Concurrently with the joint tender offer for the Company's common stock, the Company will also commence offers to purchase and consent solicitations with respect to both its 11-3/4% Senior Subordinated Notes due 2005 and its 11-3/4% Series B Subordinated Notes due 2005. These offers to purchase and consent solicitations will only be made pursuant to tender offer and consent solicitation materials that will be distributed to the Company's note holders.
Transportation Technologies Industries, Inc. is a Delaware corporation with its principal executive offices located at 980 N. Michigan Avenue, Suite 1000, Chicago, Illinois, 60611. The Company is a leading manufacturer of components for heavy-duty and medium-duty trucks and buses and the truck parts aftermarket. Product lines include: Gunite wheel-end components; Brillion custom iron castings; Imperial body and chassis components; Bostrom truck and bus seating systems; and Fabco steerable drive axles and gearboxes. The Company has manufacturing operations in Alabama, California, Illinois, Indiana, Pennsylvania, Tennessee, Texas, Virginia, Washington and Wisconsin.
Certain statements made in this release are "forward-looking statements" within the meaning of the Private Securities Litigation Reform Act of 1995. Such statements are based on current expectations and are subject to a number of risks and uncertainties that could cause actual results and performance to differ materially from any expected future results or performance, expressed or implied, by the forward-looking statements. Transportation Technologies assumes no responsibility to update any of the forward-looking statements contained herein.

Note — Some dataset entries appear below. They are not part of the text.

Lemma summ_assoc X Y Z X' Y' Z'
  (Hxy : disj (PEM P) X Y) (Hyz : disj (PEM P) Y Z) (Hxz : disj (PEM P) X Z)
  (H1 : disj (PEM P) (sumo (PPS P) Hxy) Z) (H2 : disj (PEM P) X (sumo (PPS P) Hyz))
  (Hxy' : disj (PEM P) X' Y') (Hyz' : disj (PEM P) Y' Z') (Hxz' : disj (PEM P) X' Z')
  (H1' : disj (PEM P) (sumo (PPS P) Hxy') Z') (H2' : disj (PEM P) X' (sumo (PPS P) Hyz'))
  (f : Hom X X') (g : Hom Y Y') (h : Hom Z Z') :
  arr (summ (PPS P) H1 H1' (summ (PPS P) Hxy Hxy' f g) h)
  = arr (summ (PPS P) H2 H2' f (summ (PPS P) Hyz Hyz' g h)).
Proof.
  destruct (P_ax P) as (_ & _ & _ & _ & _ & _ & _ & _ & _ & _ & ax & _).
  exact (ax _ _ _ _ _ _ _ _ Hxz _ _ _ _ Hxz' _ _ f g h).
Qed.

Lemma sumo_comm X Y (H : disj (PEM P) X Y) (Hs : disj (PEM P) Y X) :
  sumo (PPS P) H = sumo (PPS P) Hs.
Proof. now destruct (P_ax P) as (_ & _ & _ & _ & _ & _ & _ & _ & _ & _ & _ & ax & _). Qed.

Lemma summ_comm X Y X' Y' (H : disj (PEM P) X Y) (Hs : disj (PEM P) Y X)
  (H' : disj (PEM P) X' Y') (Hs' : disj (PEM P) Y' X') (f : Hom X X') (g : Hom Y Y') :
  arr (summ (PPS P) H H' f g) = arr (summ (PPS P) Hs Hs' g f).
Proof. now destruct (P_ax P) as (_ & _ & _ & _ & _ & _ & _ & _ & _ & _ & _ & _ & ax & _). Qed.

Lemma act_sumo u X Y (H : disj (PEM P) X Y)
  (Hu : disj (PEM P) (act (PEM P) u X) (act (PEM P) u Y)) :
  act (PEM P) u (sumo (PPS P) H) = sumo (PPS P) Hu.
Proof. now destruct (P_ax P) as (_ & _ & _ & _ & _ & _ & _ & _ & _ & _ & _ & _ & _ & ax & _). Qed.

Lemma circ_sumo u X Y (H : disj (PEM P) X Y)
  (Hu : disj (PEM P) (act (PEM P) u X) (act (PEM P) u Y)) :
  arr (circ (PEM P) u (sumo (PPS P) H))
  = arr (summ (PPS P) H Hu (circ (PEM P) u X) (circ (PEM P) u Y)).
Proof. now destruct (P_ax P) as (_ & _ & _ & _ & _ & _ & _ & _ & _ & _ & _ & _ & _ & _ & ax). Qed.

End ParsummableAxioms.

Section Push.
Variables (C D : Parsummable) (F : Functor (PCat C) (PCat D)).

(* Equality of arrows of F_* C needs equal endpoints in C, not merely equal images under F. *)
Lemma arr_push_eq {X Y X' Y' : Ob (pushCat C D F)}
  (f : @Hom (pushCat C D F) X Y) (g : @Hom (pushCat C D F) X' Y') :
  X = X' -> Y = Y' -> arr (C := PCat D) f = arr (C := PCat D) g ->
  arr (C := pushCat C D F) f = arr (C := pushCat C D F) g.
Proof. intros -> -> e. apply arr_inj in e. now subst. Qed.

Lemma arr_push_inj {X Y : Ob (pushCat C D F)} (f g : @Hom (pushCat C D F) X Y) :
  arr (C := PCat D) f = arr (C := PCat D) g -> f = g.
Proof. exact (@arr_inj (PCat D) (fob F X) (fob F Y) f g). Qed.

Lemma is_EMcat_push : is_EMcat (pushEM C D F).
Proof.
  destruct (P_EMcat C) as (act_mid & act_mcomp & circ_iso & circ_mcomp).
  split; [exact act_mid|]. split; [exact act_mcomp|]. split.
  - intros u X. exact (fmor_iso F _ (circ_iso u X)).
  - intros u v X. apply arr_push_eq; [reflexivity | apply act_mcomp |].
    simpl. rewrite <- fmor_comp. apply arr_fmor_congr, circ_mcomp.
Qed.

Variable hF : preserves_sums C D F.

Lemma arr_summ_push {X X' Y Y' : Ob (PCat C)}
  (H : disj (PEM C) X Y) (H' : disj (PEM C) X' Y')
  (f : Hom (fob F X) (fob F X')) (g : Hom (fob F Y) (fob F Y')) :
  arr (C := PCat D) (summ (pushPS C D F hF) H H' f g)
  = arr (summ (PPS D) (ps_disj hF H) (ps_disj hF H') f g).
Proof. apply arr_castHom. Qed.

Lemma ps_disj_zeror {X : Ob (PCat C)} :
  disj (PEM C) X (zero (PPS C)) -> disj (PEM D) (fob F X) (zero (PPS D)).
Proof. rewrite <- (ps_zero _ _ _ hF). apply (ps_disj hF). Qed.

Lemma ps_disj_zerol {X : Ob (PCat C)} :
  disj (PEM C) (zero (PPS C)) X -> disj (PEM D) (zero (PPS D)) (fob F X).
Proof. rewrite <- (ps_zero _ _ _ hF). apply (ps_disj hF). Qed.

Lemma ps_disj_sumol {X Y Z : Ob (PCat C)} (H : disj (PEM C) X Y) :
  disj (PEM C) (sumo (PPS C) H) Z -> disj (PEM D) (sumo (PPS D) (ps_disj hF H)) (fob F Z).
Proof. rewrite <- (ps_sumo hF H). apply (ps_disj hF). Qed.

Lemma ps_disj_sumor {X Y Z : Ob (PCat C)} (H : disj (PEM C) Y Z) :
  disj (PEM C) X (sumo (PPS C) H) -> disj (PEM D) (fob F X) (sumo (PPS D) (ps_disj hF H)).
Proof. rewrite <- (ps_sumo hF H). apply (ps_disj hF). Qed.

Local Notation EFC := (pushEM C D F).
Local Notation PFC := (pushPS C D F hF).

Lemma summ_idm_push X Y (H : disj EFC X Y) :
  summ PFC H H (idm X) (idm Y) = idm (sumo PFC H).
Proof.
  apply arr_push_inj.
  rewrite arr_summ_push, summ_idm.
  exact (arr_idm_congr (eq_sym (ps_sumo hF H _))).
Qed.

Lemma summ_comp_push X X' X'' Y Y' Y''
  (H : disj EFC X Y) (H' : disj EFC X' Y') (H'' : disj EFC X'' Y'')
  (f : Hom X X') (f' : Hom X' X'') (g : Hom Y Y') (g' : Hom Y' Y'') :
  summ PFC H H'' (comp f' f) (comp g' g) = comp (summ PFC H' H'' f' g') (summ PFC H H' f g).
Proof.
  apply arr_push_inj.
  rewrite arr_summ_push. cbn [pushCat comp].
  rewrite (summ_comp D _ _ _ _ _ _ _ (ps_disj hF H')).
  apply arr_comp_congr; symmetry; apply arr_summ_push.
Qed.

Lemma summ_zeror_push X X' (H : disj EFC X (zero PFC)) (H' : disj EFC X' (zero PFC))
  (f : Hom X X') : arr (summ PFC H H' f (idm (zero PFC))) = arr f.
Proof.
  apply arr_push_eq; [apply sumo_zeror .. |].
  rewrite arr_summ_push,
    <- (summ_zeror D _ _ (ps_disj_zeror H) (ps_disj_zeror H') (f : Hom (fob F X) (fob F X'))).
  apply arr_summ_congr; [reflexivity | exact (arr_idm_congr (ps_zero _ _ _ hF))].
Qed.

THIS ANNOUNCEMENT IS NEITHER AN OFFER TO PURCHASE NOR A SOLICITATION OF AN OFFER TO SELL SHARES OF THE COMPANY. AT THE TIME THE OFFER IS COMMENCED, TRANSPORTATION ACQUISITION I CORP. AND THE COMPANY WILL FILE A TENDER OFFER STATEMENT WITH THE U.S. SECURITIES AND EXCHANGE COMMISSION AND THE COMPANY WILL FILE A SOLICITATION/RECOMMENDATION STATEMENT WITH RESPECT TO THE OFFER. THE TENDER OFFER STATEMENT (INCLUDING AN OFFER TO PURCHASE, A RELATED LETTER OF TRANSMITTAL AND OTHER OFFER DOCUMENTS) AND THE SOLICITATION/RECOMMENDATION STATEMENT WILL CONTAIN IMPORTANT INFORMATION WHICH SHOULD BE READ CAREFULLLY BEFORE ANY DECISION IS MADE WITH RESPECT TO THE OFFER. THE OFFER TO PURCHASE, THE RELATED LETTER OF TRANSMITTAL AND CERTAIN OTHER OFFER DOCUMENTS, AS WELL AS THE SOLICITATION/RECOMMENDATION STATEMENT, WILL BE MADE AVAILABLE TO ALL STOCKHOLDERS OF THE COMPANY, AT NO EXPENSE TO THEM. THE TENDER OFFER STATEMENT (INCLUDING THE OFFER TO PURCHASE, THE RELATED LETTER OF TRANSMITTAL AND ALL OTHER OFFER DOCUMENTS FILED WITH THE COMMISSION) AND THE SOLICITATION/RECOMMENDATION STATEMENT WILL ALSO BE AVAILABLE AT NO CHARGE AT THE COMMISSION'S WEBSITE AT WWW.SEC.GOV.